Есть, например, у нас астроном, который каждый день заново открывает звезду, носящую его имя; есть падшая женщина (ее простили, потому что она была скорее несчастна, чем преступна), которая каждый день идет к своему первому причастию.

— Ну а грешники? — спросил я.

— Тут все зависит от тяжести греха… Ты видел того старика? Это был человек, который не останавливался ни перед чем, чтобы приумножить свое богатство.

Мы встали, чтобы продолжить нашу беседу, идя по полю под сенью шелковиц, но тут вдруг, словно из-под земли, вырос перед нами какой-то маленький рассерженный человечек (он был лыс, и всю его голову, ото лба до затылка, опоясывала морщина, характерная для упрямцев).

— Прекрасно, нечего сказать!
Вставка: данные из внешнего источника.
(* For integers $s,t\ge0$ let $m_{i,j}^{s,t}=\int_{(0,1)^2}\frac{x^{s+i}y^{s+j}}{x+y}\left(\frac{1-x}{1+x}\right)^t\left(\frac{1-y}{1+y}\right)^tdx\,dy$, $\tau_n^{s,t}=\det(m_{i,j}^{s,t})_{i,j=0}^{n-1}$ and $\xi_n^{s,t}=\det(m_{i,j+1}^{s,t})_{i,j=0}^{n-1}$ for $n\ge1$, with $\tau_0^{s,t}=\xi_0^{s,t}=1$. Then for all $n\ge1$ and $s,t\ge0$, $$\tau_{n+1}^{s,t}\tau_{n-1}^{s+1,t}=\tau_n^{s,t}\tau_n^{s+1,t}-\big(\xi_n^{s,t}\big)^2.$$
   Context: Empty determinants equal $1$. *)

From HB Require Import structures.
From mathcomp Require Import all_boot all_order all_algebra.
From mathcomp Require Import all_classical all_reals all_analysis.
Set Implicit Arguments. Unset Strict Implicit. Unset Printing Implicit Defensive.
Import Order.TTheory GRing.Theory Num.Theory.
Local Open Scope classical_set_scope.
Local Open Scope ring_scope.

(* The integrand is nonnegative on
   the square, so the extended-real integral is well defined; it is finite,
   and we take its real value with [fine]. *)
Definition mom (R : realType) (s t i j : nat) : R :=
  fine (\int[(@lebesgue_measure R \x @lebesgue_measure R)%E]_(z in `]0, 1[ `*` `]0, 1[)
    ((z.1 ^+ (s + i) * z.2 ^+ (s + j) / (z.1 + z.2)) *
     ((1 - z.1) / (1 + z.1)) ^+ t * ((1 - z.2) / (1 + z.2)) ^+ t)%:E).

(* tau_n^{s,t} = det (m_{i,j}^{s,t})_{i,j=0}^{n-1}; for n = 0 the empty
   determinant is 1. *)
Definition tau (R : realType) (n s t : nat) : R :=
  \det (\matrix_(i < n, j < n) mom R s t i j).

Definition xi (R : realType) (n s t : nat) : R :=
  \det (\matrix_(i < n, j < n) mom R s t i j.+1).

From mathcomp Require Import all_boot all_order all_algebra all_fingroup.
From mathcomp Require Import all_classical all_reals all_analysis measurable_realfun.
From mathcomp Require Import ring lra.
Import Order.TTheory GRing.Theory Num.Theory.
Set Implicit Arguments. Unset Strict Implicit. Unset Printing Implicit Defensive.
Local Open Scope ring_scope.

(* The moments satisfy m^{s+1}_{i,j} = m^s_{i+1,j+1} and, by Tonelli and the
   symmetry of the integrand under (x, i) <-> (y, j), m_{i,j} = m_{j,i}.  So
   tau^{s+1}_{n-1}, tau^{s+1}_n and xi^s_n are the minors of the
   (n+1) x (n+1) matrix (m^s_{i,j}) obtained by deleting its first and last
   rows and columns, and the identity is the Desnanot-Jacobi identity for that
   matrix; the two off-diagonal minors are transposes of each other.  The
   Desnanot-Jacobi identity is in turn Jacobi's theorem on the complementary
   minors of the adjugate, which follows from M adj(M) = det(M) after
   factoring out a block-triangular matrix. *)

Lemma det_ulsubmx_adj_unit (R : idomainType) m k (M : 'M[R]_(m.+1 + k)) :
  \det M != 0 -> \det (ulsubmx (\adj M)) = \det M ^+ m * \det (drsubmx M).
Proof.
move=> detM_neq0.
have : block_mx (ulsubmx M) (ursubmx M) (dlsubmx M) (drsubmx M) *m
       block_mx (ulsubmx (\adj M)) (ursubmx (\adj M))
                (dlsubmx (\adj M)) (drsubmx (\adj M)) =
       block_mx (\det M)%:M 0 0 (\det M)%:M.
  by rewrite !submxK mul_mx_adj -scalar_mx_block.
rewrite mulmx_block => /eq_block_mx[adj_ul _ adj_dl _].
pose B := block_mx (ulsubmx (\adj M)) 0 (dlsubmx (\adj M)) (1%:M : 'M[R]_k).
have : \det (M *m B) = \det M ^+ m.+1 * \det (drsubmx M).
  rewrite -{1}(submxK M) mulmx_block adj_ul adj_dl !mulmx0 !mulmx1 !add0r.
  by rewrite det_ublock det_scalar.
rewrite det_mulmx det_lblock det1 mulr1 exprS -mulrA.
exact: mulfI.
Qed.

Lemma det_ulsubmx_adj (R : idomainType) m k (M : 'M[R]_(m.+1 + k)) :
  \det (ulsubmx (\adj M)) = \det M ^+ m * \det (drsubmx M).
Proof.
(* Apply the invertible case to the characteristic matrix of -M, whose
   determinant is monic, and evaluate at 0. *)
pose N := char_poly_mx (- M).
have detN_neq0 : \det N != 0 by apply: monic_neq0; exact: char_poly_monic.
have evalN : map_mx (horner_eval 0) N = M.
  apply/matrixP=> i j; rewrite !mxE horner_evalE !hornerE opprK hornerMn hornerX.
  by rewrite mul0rn add0r.
have := congr1 (horner_eval 0) (det_ulsubmx_adj_unit detN_neq0).
by rewrite rmorphM rmorphXn -!det_map_mx map_ulsubmx map_drsubmx map_mx_adj evalN.
Qed.

Lemma det_mx22 (R : comNzRingType) (A : 'M[R]_2) :
  \det A = A 0 0 * A 1 1 - A 0 1 * A 1 0.
Proof.
rewrite (expand_det_row _ 0) !big_ord_recl big_ord0 /cofactor !det_mx11 !mxE /=.
have -> : lift 0 0 = 1 :> 'I_2 by apply: val_inj.
have -> : lift 1 0 = 0 :> 'I_2 by apply: val_inj.
by rewrite addr0 expr0 mul1r expr1 mulN1r mulrN.
Qed.

Lemma det_row_perm (R : comNzRingType) n (s : 'S_n) (A : 'M[R]_n) :
  \det (row_perm s A) = (-1) ^+ s * \det A.
Proof. by rewrite row_permE det_mulmx det_perm. Qed.

Lemma det_col_perm (R : comNzRingType) n (s : 'S_n) (A : 'M[R]_n) :
  \det (col_perm s A) = (-1) ^+ s * \det A.
Proof. by rewrite col_permE det_mulmx det_perm odd_permV mulrC. Qed.

Lemma det_conj_perm (R : comNzRingType) n (s : 'S_n) (A : 'M[R]_n) :
  \det (row_perm s (col_perm s A)) = \det A.
Proof. by rewrite det_row_perm det_col_perm mulrA -signr_addb addbb mul1r. Qed.

Definition ord_pred_perm n : 'S_n := perm (@ord_pred_inj n).

Lemma ord_pred_permE k (i : 'I_k.+1) :
  val (ord_pred_perm k.+1 i) = if val i == 0 then k else (val i).-1.
Proof.
rewrite permE /=; case: i => [[|i] lt_ik] /=; first by rewrite modn_small.
by rewrite modnDr modn_small // ltnW.
Qed.

Lemma desnanot_jacobi (R : idomainType) k (A : nat -> nat -> R) :
  \det (\matrix_(i < k.+2, j < k.+2) A i j) *
    \det (\matrix_(i < k, j < k) A i.+1 j.+1) =
  \det (\matrix_(i < k.+1, j < k.+1) A i j) *
    \det (\matrix_(i < k.+1, j < k.+1) A i.+1 j.+1) -
  \det (\matrix_(i < k.+1, j < k.+1) A i j.+1) *
    \det (\matrix_(i < k.+1, j < k.+1) A i.+1 j).
Proof.
(* p lists the indices as 0, k+1, 1, ..., k, so that the two deleted indices
   become the leading 2 x 2 block and Jacobi's theorem applies. *)
pose h := ord_pred_perm k.+1; pose p : 'S_(2 + k) := lift0_perm h.
pose pv i := if i == 0 then 0 else if i == 1 then k.+1 else i.-1.
have pE i : val (p i) = pv (val i).
  case: (unliftP 0 i) => [j ->|->]; last by rewrite lift0_perm0.
  by rewrite lift0_perm_lift /= ord_pred_permE /pv; case: j => [[|j] ?].
pose Ms := row_perm p (col_perm p (\matrix_(i < k.+2, j < k.+2) A i j)).
rewrite -(det_conj_perm p) -/Ms -[\det Ms]expr1.
have -> : \matrix_(i < k, j < k) A i.+1 j.+1 = drsubmx Ms.
  by apply/matrixP=> i j; rewrite !mxE !pE.
rewrite -det_ulsubmx_adj det_mx22 !mxE /cofactor.
have -> : row' (lshift k 0) (col' (lshift k 0) Ms) =
    row_perm h (col_perm h (\matrix_(i < k.+1, j < k.+1) A i.+1 j.+1)).
  apply/matrixP=> i j; rewrite !mxE !pE /= !ord_pred_permE /pv /=.
  by case: i => [[|i] ?]; case: j => [[|j] ?].
have -> : row' (lshift k 1) (col' (lshift k 1) Ms) =
    \matrix_(i < k.+1, j < k.+1) A i j.
  apply/matrixP=> i j; rewrite !mxE !pE /pv /=.
  by case: i => [[|i] ?]; case: j => [[|j] ?].
have -> : row' (lshift k 1) (col' (lshift k 0) Ms) =
    col_perm h (\matrix_(i < k.+1, j < k.+1) A i j.+1).
  apply/matrixP=> i j; rewrite !mxE !pE /= !ord_pred_permE /pv /=.
  by case: i => [[|i] ?]; case: j => [[|j] ?].
have -> : row' (lshift k 0) (col' (lshift k 1) Ms) =
    row_perm h (\matrix_(i < k.+1, j < k.+1) A i.+1 j).
  apply/matrixP=> i j; rewrite !mxE !pE /= !ord_pred_permE /pv /=.
  by case: i => [[|i] ?]; case: j => [[|j] ?].
rewrite det_conj_perm det_row_perm det_col_perm.
rewrite (_ : (1 %% 2 + 1 %% 2)%N = 2) // expr2 mulrNN mulr1 mul1r !mulN1r mulrNN.
by rewrite mulrACA -signr_addb addbb !mul1r mulrC.
Qed.

Local Open Scope classical_set_scope.

Lemma measurable_funV d (T : measurableType d) (R : realType) (D : set T)
    (f : T -> R) :
  measurable_fun D f -> (forall x, D x -> 0 < f x) ->
  measurable_fun D (fun x => (f x)^-1).
Proof.
move=> mf f_gt0.
have minv : measurable_fun (`]0, +oo[ : set R) GRing.inv.
  apply: open_continuous_measurable_fun; first exact: interval_open.
  move=> x; rewrite inE /= in_itv /= andbT => x_gt0.
  by apply: inv_continuous; rewrite gt_eqF.
apply: (measurable_comp _ _ minv mf) => // _ [x Dx <-].
by rewrite /= in_itv /= andbT f_gt0.
Qed.

Lemma ge0_integral_swap d1 d2 (T1 : measurableType d1) (T2 : measurableType d2)
    (R : realType) (m1 : {sigma_finite_measure set T1 -> \bar R})
    (m2 : {sigma_finite_measure set T2 -> \bar R}) (f : T1 * T2 -> \bar R) :
  measurable_fun setT f -> (forall z, (0 <= f z)%E) ->
  (\int[m2 \x m1]_z f (z.2, z.1) = \int[m1 \x m2]_z f z)%E.
Proof.
move=> mf f_ge0.
have mfswap : measurable_fun setT (fun z : T2 * T1 => f (z.2, z.1)).
  by apply: (measurableT_comp mf); exact: measurable_swap.
rewrite (fubini_tonelli1 (fun z : T2 * T1 => f (z.2, z.1))) //.
by rewrite (fubini_tonelli2 f).
Qed.

Section moments.
Variable R : realType.

Definition open_unit_square : set (R * R) := `]0, 1[ `*` `]0, 1[.

Definition mom_integrand (s t i j : nat) (z : R * R) : R :=
  (z.1 ^+ (s + i) * z.2 ^+ (s + j) / (z.1 + z.2)) *
  ((1 - z.1) / (1 + z.1)) ^+ t * ((1 - z.2) / (1 + z.2)) ^+ t.

Lemma momE s t i j : mom R s t i j =
  fine (\int[(@lebesgue_measure R \x @lebesgue_measure R)%E]_(z in
    open_unit_square) (mom_integrand s t i j z)%:E).
Proof. by []. Qed.

Lemma measurable_open_unit_square : measurable open_unit_square.
Proof. by apply: measurableX; exact: measurable_itv. Qed.

Lemma open_unit_squareP (z : R * R) : open_unit_square z ->
  [/\ 0 < z.1, z.1 < 1, 0 < z.2 & z.2 < 1].
Proof. by case; rewrite /= !in_itv /= => /andP[? ?] /andP[? ?]. Qed.

Lemma open_unit_square_swap (z : R * R) :
  ((z.2, z.1) \in open_unit_square) = (z \in open_unit_square).
Proof. by apply/idP/idP; rewrite !inE => -[? ?]; split. Qed.

Lemma measurable_mom_integrand s t i j :
  measurable_fun open_unit_square (mom_integrand s t i j).
Proof.
have m1 : measurable_fun open_unit_square (@fst R R).
  by apply: measurable_funTS; exact: measurable_fst.
have m2 : measurable_fun open_unit_square (@snd R R).
  by apply: measurable_funTS; exact: measurable_snd.
have mdiv (f g : R * R -> R) :
    measurable_fun open_unit_square f -> measurable_fun open_unit_square g ->
    (forall z, open_unit_square z -> 0 < g z) ->
    measurable_fun open_unit_square (fun z => f z / g z).
  by move=> mf mg g_gt0; apply: measurable_funM => //; exact: measurable_funV.
apply: measurable_funM; first apply: measurable_funM.
- apply: mdiv.
  + by apply: measurable_funM; exact: measurable_funX.
  + exact: measurable_funD.
  + by move=> z /open_unit_squareP[]; lra.
- apply: measurable_funX; apply: mdiv.
  + exact: measurable_funB.
  + exact: measurable_funD.
  + by move=> z /open_unit_squareP[]; lra.
- apply: measurable_funX; apply: mdiv.
  + exact: measurable_funB.
  + exact: measurable_funD.
  + by move=> z /open_unit_squareP[]; lra.
Qed.

Lemma mom_integrand_ge0 s t i j z :
  open_unit_square z -> 0 <= mom_integrand s t i j z.
Proof.
move=> /open_unit_squareP[x_gt0 x_lt1 y_gt0 y_lt1].
rewrite /mom_integrand !mulr_ge0 ?exprn_ge0 ?divr_ge0 ?invr_ge0 //; lra.
Qed.

Lemma mom_integrand_swap s t i j z :
  mom_integrand s t i j (z.2, z.1) = mom_integrand s t j i z.
Proof. by rewrite /mom_integrand /= [z.2 + z.1]addrC; ring. Qed.

Lemma mom_sym s t i j : mom R s t i j = mom R s t j i.
Proof.
rewrite !momE; congr fine; rewrite integral_mkcond [RHS]integral_mkcond.
pose g i j := (fun z => (mom_integrand s t i j z)%:E) \_ open_unit_square.
have gswap z : g i j (z.2, z.1) = g j i z.
  by rewrite /g /patch mom_integrand_swap open_unit_square_swap.
rewrite -/(g i j) -/(g j i).
have -> : g j i = fun z => g i j (z.2, z.1) by apply/funext => z; rewrite gswap.
rewrite ge0_integral_swap //.
- apply/(measurable_restrictT _ measurable_open_unit_square).
  by apply/measurable_EFinP; exact: measurable_mom_integrand.
- move=> z; rewrite /g /patch; case: ifPn => // /set_mem.
  by rewrite lee_fin; exact: mom_integrand_ge0.
Qed.

Lemma mom_shift s t i j : mom R s.+1 t i j = mom R s t i.+1 j.+1.
Proof. by rewrite /mom !addSnnS. Qed.

End moments.

Theorem proposition3p1 (R : realType) (n s t : nat) :
  (1 <= n)%N ->
  tau R n.+1 s t * tau R n.-1 s.+1 t =
  tau R n s t * tau R n s.+1 t - xi R n s t ^+ 2.
Proof.
case: n => [//|k] _; rewrite /tau /xi /=.
have shift m : \matrix_(i < m, j < m) mom R s.+1 t i j =
               \matrix_(i < m, j < m) mom R s t i.+1 j.+1.
  by apply/matrixP=> i j; rewrite !mxE mom_shift.
have transpose : \det (\matrix_(i < k.+1, j < k.+1) mom R s t i.+1 j) =
                 \det (\matrix_(i < k.+1, j < k.+1) mom R s t i j.+1).
  by rewrite -det_tr; congr (\det _); apply/matrixP=> i j; rewrite !mxE mom_sym.
by rewrite !shift desnanot_jacobi transpose expr2.
Qed.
Ну так что, сделаете вы для меня что-нибудь или нет? — воскликнул он.

По лицу моего спутника промелькнула улыбка; он сказал мне, что тут имеет место редчайший юридический казус.
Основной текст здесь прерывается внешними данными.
(* The embedding functor $i_{\mathrm{tffr}}\colon\mathcal R\hookrightarrow\mathfrak{sl}(2)\text{-}\mathrm{Mod}_{\mathrm{tffr}}$ is a right adjoint of the rationalization functor $F_{\mathrm{rat}}\colon\mathfrak{sl}(2)\text{-}\mathrm{Mod}_{\mathrm{tffr}}\to\mathcal R$. Therefore $\mathcal R$ is a reflective localization of $\mathfrak{sl}(2)\text{-}\mathrm{Mod}_{\mathrm{tffr}}$ with localization functor $F_{\mathrm{rat}}$. Moreover, $F_{\mathrm{rat}}$ is faithful.
   Context: $\mathfrak{sl}(2)$ has basis $L_{-1}=f$, $L_0=-\tfrac12 h$, $L_1=-e$ for a Chevalley basis $e,f,h$. Every $\mathfrak{sl}(2)$-module $(V,\rho)$ is a $\mathbb{C}[z]$-module via $z\cdot v=\rho(L_0)v$. $\mathfrak{sl}(2)\text{-}\mathrm{Mod}_{\mathrm{tffr}}$ is the full subcategory of $\mathfrak{sl}(2)$-modules that are torsion free as $\mathbb{C}[z]$-modules and of finite rank ($S^{-1}V$ finite-dimensional over $\mathbb{C}(z)$, $S=\mathbb{C}[z]\setminus\{0\}$). $\mathcal R$ is its full subcategory of rational modules, i.e. those which with their $\mathbb{C}[z]$-structure are finite-dimensional $\mathbb{C}(z)$-vector spaces. The rationalization functor sends $(V,\rho)$ to $(S^{-1}V,\rho_{\mathrm{rat}})$ with $\rho_{\mathrm{rat}}(L_{\pm1})(v/p(z))=\rho(L_{\pm1})(v)/p(z\pm1)$ and $\rho_{\mathrm{rat}}(L_0)(v/p(z))=zv/p(z)$, and a morphism $\phi$ to $S^{-1}\phi$. *)

From HB Require Import structures.
From mathcomp Require Import all_boot all_order all_algebra.
From mathcomp Require Import reals complex.
From Stdlib Require Import ClassicalEpsilon.

Set Implicit Arguments.
Unset Strict Implicit.
Unset Printing Implicit Defensive.

Import Order.TTheory GRing.Theory Num.Theory.
Local Open Scope ring_scope.

(* sl(2)-modules over a field K, with sl(2) given by a Chevalley basis e,f,h. *)
Section Sl2.
Variable K : fieldType.

Record sl2data := Sl2Data {
  car :> Type;
  vzero : car;
  vadd : car -> car -> car;
  vopp : car -> car;
  vscale : K -> car -> car;
  rho_e : car -> car;
  rho_f : car -> car;
  rho_h : car -> car }.

Definition vsub (M : sl2data) (u v : M) : M := vadd u (vopp v).

Definition K_linear (M N : sl2data) (g : M -> N) : Prop :=
  (forall u v, g (vadd u v) = vadd (g u) (g v)) /\
  (forall a v, g (vscale a v) = vscale a (g v)).

Definition is_vspace (M : sl2data) : Prop :=
  [/\ associative (@vadd M), commutative (@vadd M),
      left_id (vzero M) (@vadd M) & left_inverse (vzero M) (@vopp M) (@vadd M)] /\
  [/\ (forall a b (v : M), vscale a (vscale b v) = vscale (a * b) v),
      (forall v : M, vscale 1 v = v),
      (forall a, {morph @vscale M a : u v / vadd u v}) &
      (forall v : M, {morph @vscale M ^~ v : a b / a + b >-> vadd a b})].

Definition is_sl2mod (M : sl2data) : Prop :=
  [/\ is_vspace M, K_linear (@rho_e M), K_linear (@rho_f M) & K_linear (@rho_h M)] /\
  [/\ (forall v : M, vsub (rho_e (rho_f v)) (rho_f (rho_e v)) = rho_h v),
      (forall v : M, vsub (rho_h (rho_e v)) (rho_e (rho_h v)) = vscale 2 (rho_e v)) &
      (forall v : M, vsub (rho_h (rho_f v)) (rho_f (rho_h v)) = vscale (- 2) (rho_f v))].

Definition rhoLm1 (M : sl2data) (v : M) : M := rho_f v.
Definition rhoL0 (M : sl2data) (v : M) : M := vscale (- 2^-1) (rho_h v).
Definition rhoL1 (M : sl2data) (v : M) : M := vopp (rho_e v).

(* The K[z]-module structure: p . v = p(rho(L_0)) v. *)
Definition pact (M : sl2data) (p : {poly K}) (v : M) : M :=
  \big[@vadd M/vzero M]_(i < size p) vscale p`_i (iter i (@rhoL0 M) v).

Definition torsion_free (M : sl2data) : Prop :=
  forall (p : {poly K}) (v : M), p != 0 -> pact p v = vzero M -> v = vzero M.

(* Finite rank: S^{-1}M is finite dimensional over K(z), i.e. finitely many
   vectors v_1..v_n whose images span S^{-1}M over K(z): every v has a nonzero
   multiple p.v lying in the K[z]-span of v_1..v_n. *)
Definition finite_rank (M : sl2data) : Prop :=
  exists vs : seq M, forall v : M, exists2 p : {poly K}, p != 0 &
    exists cs : seq {poly K}, size cs = size vs /\
      pact p v = \big[@vadd M/vzero M]_(x <- zip cs vs) pact x.1 x.2.

Definition tffr (M : sl2data) : Prop :=
  [/\ is_sl2mod M, torsion_free M & finite_rank M].

(* Objects of the full subcategory R of rational modules: the K[z]-structure
   extends to a (finite dimensional) K(z)-vector space structure, i.e. every
   nonzero polynomial acts bijectively. *)
Definition rational_mod (M : sl2data) : Prop :=
  tffr M /\ forall p : {poly K}, p != 0 -> bijective (pact (M := M) p).

Definition sl2_morphism (M N : sl2data) (g : M -> N) : Prop :=
  [/\ K_linear g, (forall v, g (rho_e v) = rho_e (g v)),
      (forall v, g (rho_f v) = rho_f (g v)) & (forall v, g (rho_h v) = rho_h (g v))].

(* Rationalization S^{-1}M : fractions v / p (p <> 0) modulo the usual        *)
(* localization relation  v/p ~ w/q  iff  s.(q.v - p.w) = 0 for some s <> 0.  *)
Definition loc_rel (M : sl2data) (x y : M * {poly K}) : Prop :=
  exists2 s : {poly K}, s != 0 & pact s (vsub (pact y.2 x.1) (pact x.2 y.1)) = vzero M.

Definition loc_cls (M : sl2data) (x : M * {poly K}) : M * {poly K} -> Prop :=
  fun y => y.2 != 0 /\ loc_rel x y.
— Этот человек был мелким служащим, который сорок лет без устали трудился, не делая никому зла. Казалось бы — рай? А между тем что было самым счастливым днем его жизни, что ему хотелось бы переживать снова и снова? День, когда он, покидая наконец место службы, отвесил увесистую пощечину своему начальнику! Дальше выясняется, что за этим самым его работодателем не числится никаких грехов, кроме разве излишней требовательности, и что он, в свою очередь, тоже заслужил блаженство.

Тут мой гид обратился к человечку:

— Дорогой мой, — сказал он, — вы должны понять, что ваше желание находится в противоречии с духом и буквой действующих установлений. Нельзя допустить, чтобы ваш рай стал адом для другого человека!

— Тогда я отказываюсь от него! — негодующе воскликнул человечек.

Но я уже на него не смотрел.

Маленькая женщина, немолодая, серьезная, медленно шла мне навстречу по мирному зеленому полю.

То была первая читательница первых моих рассказов, та, которая не успевала еще услышать название, а уже говорила: «Замечательно!», та, которая внимала моему голосу, как внимают пасхальному органу.

— Мама! — сказал я и побежал ей навстречу; и начался вечный день моего блаженства.